== Your task ==
Retype each record shown below, leaving every character as it is.

== Records contained in a dataset ==
(* Let $u\in C([0,\infty)^2)$ be a viscosity subsolution and $v\in C([0,\infty)^2)$ a viscosity supersolution of \[ \partial_t f - 2(\partial_h f)^2 = 0 \ \text{ in } (0,\infty)^2, \qquad -\partial_h f = 0 \ \text{ on } (0,\infty)\times\{0\}, \] such that both $u$ and $v$ are uniformly Lipschitz continuous in the variable $h$. Then \[ \sup_{[0,\infty)^2}(u-v)=\sup_{\{0\}\times[0,\infty)}(u-v). \]
   Context: Viscosity solutions: $f\in C([0,\infty)^2)$ (variables $(t,h)$) is a viscosity subsolution if for every $(t,h)\in(0,\infty)\times[0,\infty)$ and $\phi\in C^\infty((0,\infty)\times[0,\infty))$ such that $f-\phi$ has a local maximum at $(t,h)$, we have $(\partial_t\phi-2(\partial_h\phi)^2)(t,h)\le0$ if $h>0$, and $\min(-\partial_h\phi,\partial_t\phi-2(\partial_h\phi)^2)(t,h)\le0$ if $h=0$. It is a viscosity supersolution if for every such $(t,h),\phi$ with $f-\phi$ having a local minimum at $(t,h)$, we have $(\partial_t\phi-2(\partial_h\phi)^2)(t,h)\ge0$ if $h>0$, and $\max(-\partial_h\phi,\partial_t\phi-2(\partial_h\phi)^2)(t,h)\ge0$ if $h=0$. ''Uniformly Lipschitz in $h$'' means there is $L<\infty$ with $|u(t,h)-u(t,h')|\le L|h-h'|$ for all $t,h,h'\ge0$. *)

From Stdlib Require Import Reals List.
From Coquelicot Require Import Coquelicot.
Open Scope R_scope.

== Expected answer ==
(* Let $u\in C([0,\infty)^2)$ be a viscosity subsolution and $v\in C([0,\infty)^2)$ a viscosity supersolution of \[ \partial_t f - 2(\partial_h f)^2 = 0 \ \text{ in } (0,\infty)^2, \qquad -\partial_h f = 0 \ \text{ on } (0,\infty)\times\{0\}, \] such that both $u$ and $v$ are uniformly Lipschitz continuous in the variable $h$. Then \[ \sup_{[0,\infty)^2}(u-v)=\sup_{\{0\}\times[0,\infty)}(u-v). \]
   Context: Viscosity solutions: $f\in C([0,\infty)^2)$ (variables $(t,h)$) is a viscosity subsolution if for every $(t,h)\in(0,\infty)\times[0,\infty)$ and $\phi\in C^\infty((0,\infty)\times[0,\infty))$ such that $f-\phi$ has a local maximum at $(t,h)$, we have $(\partial_t\phi-2(\partial_h\phi)^2)(t,h)\le0$ if $h>0$, and $\min(-\partial_h\phi,\partial_t\phi-2(\partial_h\phi)^2)(t,h)\le0$ if $h=0$. It is a viscosity supersolution if for every such $(t,h),\phi$ with $f-\phi$ having a local minimum at $(t,h)$, we have $(\partial_t\phi-2(\partial_h\phi)^2)(t,h)\ge0$ if $h>0$, and $\max(-\partial_h\phi,\partial_t\phi-2(\partial_h\phi)^2)(t,h)\ge0$ if $h=0$. ''Uniformly Lipschitz in $h$'' means there is $L<\infty$ with $|u(t,h)-u(t,h')|\le L|h-h'|$ for all $t,h,h'\ge0$. *)

From Stdlib Require Import Reals List.
From Coquelicot Require Import Coquelicot.
Open Scope R_scope.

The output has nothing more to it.